Нина не ответила. Я отвернулась к стенке, накрылась с головой одеялом и подумала: «Ну и зачем я ввязалась в этот разговор? Нина хороший человек, верная и преданная подруга, но не может понять главного, что без любви нет жизни, а если нет жизни, то даже самые гениальные идеи и теории воплощать в жизнь будет некому и незачем. Ну, да ладно. Надо спать. Осталось в школе пребывать чуть больше двух месяцев, и каждый пришедший день приближает нашу с Васей желанную встречу. Я люблю тебя! Спокойной ночи, любимый».

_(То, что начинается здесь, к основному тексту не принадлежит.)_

(* If h >= d0 > 0 near x0 and |h| <= M on a period, the n-th bump moment of
   h is at least eta d0 cos_bump(eta/2)^n - 2π M cos_bump(eta)^n: split the
   period centred at x0 into [x0-π,x0-η], [x0-η,x0-η/2], [x0-η/2,x0+η/2],
   [x0+η/2,x0+η], [x0+η,x0+π]. *)
Lemma bump_moment_lower_bound (h : R -> R) x0 eta d0 M n :
  (forall t, continuity_pt h t) -> (forall t, h (t + 2 * PI) = h t) ->
  0 < eta <= PI / 2 -> 0 < d0 -> (forall t, Rabs (x0 - t) <= eta -> d0 <= h t) ->
  (forall t, x0 - PI <= t <= x0 + PI -> Rabs (h t) <= M) ->
  eta * d0 * cos_bump (eta / 2) ^ n - 2 * PI * M * cos_bump eta ^ n
    <= RInt (fun t => h t * cos_bump (x0 - t) ^ n) 0 (2 * PI).
Proof.
  intros hc hp he hd0 hnear hM.
  pose proof PI_RGT_0 as hPI.
  assert (cphi := continuity_bump_integrand h x0 n hc).
  assert (hM0 : 0 <= M) by (pose proof (hM x0 ltac:(lra)); pose proof (Rabs_pos (h x0)); lra).
  assert (hq : 0 <= cos_bump eta ^ n) by (apply pow_le, cos_bump_nonneg).
  assert (hq' : 0 <= cos_bump (eta / 2) ^ n) by (apply pow_le, cos_bump_nonneg).
  rewrite (RInt_periodic_shift _ (x0 - PI) cphi).
  2: { intros t. rewrite hp. replace (x0 - (t + 2 * PI)) with ((x0 - t) - 2 * PI) by ring.
       rewrite cos_bump_period. reflexivity. }
  replace (x0 - PI + 2 * PI) with (x0 + PI) by ring.
  rewrite (RInt_chasles_cont _ (x0 - PI) (x0 - eta) (x0 + PI) cphi),
    (RInt_chasles_cont _ (x0 - eta) (x0 - eta / 2) (x0 + PI) cphi),
    (RInt_chasles_cont _ (x0 - eta / 2) (x0 + eta / 2) (x0 + PI) cphi),
    (RInt_chasles_cont _ (x0 + eta / 2) (x0 + eta) (x0 + PI) cphi).
  assert (I1 := bump_far_integral h x0 eta M n (x0 - PI) (x0 - eta) hc ltac:(lra) ltac:(lra) hM0
    ltac:(intros t ht; split; [unfold Rabs; destruct Rcase_abs; lra| apply hM; lra])).
  assert (I5 := bump_far_integral h x0 eta M n (x0 + eta) (x0 + PI) hc ltac:(lra) ltac:(lra) hM0
    ltac:(intros t ht; split; [unfold Rabs; destruct Rcase_abs; lra| apply hM; lra])).
  assert (near : forall t, x0 - eta <= t <= x0 + eta -> Rabs (x0 - t) <= eta /\ d0 <= h t).
  { intros t ht. assert (Rabs (x0 - t) <= eta) by (unfold Rabs; destruct Rcase_abs; lra). auto. }
  assert (I2 := bump_near_integral h x0 eta d0 n (x0 - eta) (x0 - eta / 2) hc ltac:(lra) ltac:(lra)
    ltac:(lra) ltac:(intros t ht; apply near; lra)).
  assert (I4 := bump_near_integral h x0 eta d0 n (x0 + eta / 2) (x0 + eta) hc ltac:(lra) ltac:(lra)
    ltac:(lra) ltac:(intros t ht; apply near; lra)).
  assert (I3 := bump_near_integral h x0 (eta / 2) d0 n (x0 - eta / 2) (x0 + eta / 2) hc ltac:(lra)
    ltac:(lra) ltac:(lra)
    ltac:(intros t ht; split; [unfold Rabs; destruct Rcase_abs; lra| apply near; lra])).
  assert (0 <= eta / 2 * (d0 * cos_bump eta ^ n)) by (apply Rmult_le_pos; [|apply Rmult_le_pos]; lra).
  unfold plus; simpl. lra.
Qed.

Профессионалки без дипломовЗвонкая капель и ласковые тёплые лучи солнца возвестили нам о приближении весны. За напряжённым и плотным графиком не заметили, как курс обучения приближался к концу. Руководство добилось своей цели. Из сырого материала вылепили стойких, натре–нированных, готовых к любым испытаниям бойцов. Даже мы с Ниной, занимаясь парашютным спортом, не испытывали недостатка в физической и моральной подготовке, а после такой муштры почувствовали себя ещё более сильными, выносливыми и уверенными. Где–то в конце марта начальник школы собрал весь личный состав и объявил, что по распоряжению высшего руководства срок обучения курсантов сокращается на один месяц и в апреле будут выпускные экзамены. Это сообщение обрадовало нас и воодушевило. Не верилось, что уже через месяц мы будем дома, и состоится, наконец, моя выстраданная, долгожданная встреча. После ночного неприятного разговора с подругой, наши отношения не изменились, мы больше не затрагивали этой темы, но какой–то горький осадок в душе остался. Теперь все помыслы и разговоры касались только дальнейшей жизни на «гражданке» и как сложатся наши судьбы. Как–то, совершая вечернюю пробежку по ещё не растаявшей тропе здоровья, Нина спросила:
– Лен, как ты думаешь, про нас в аэроклубе не забыли?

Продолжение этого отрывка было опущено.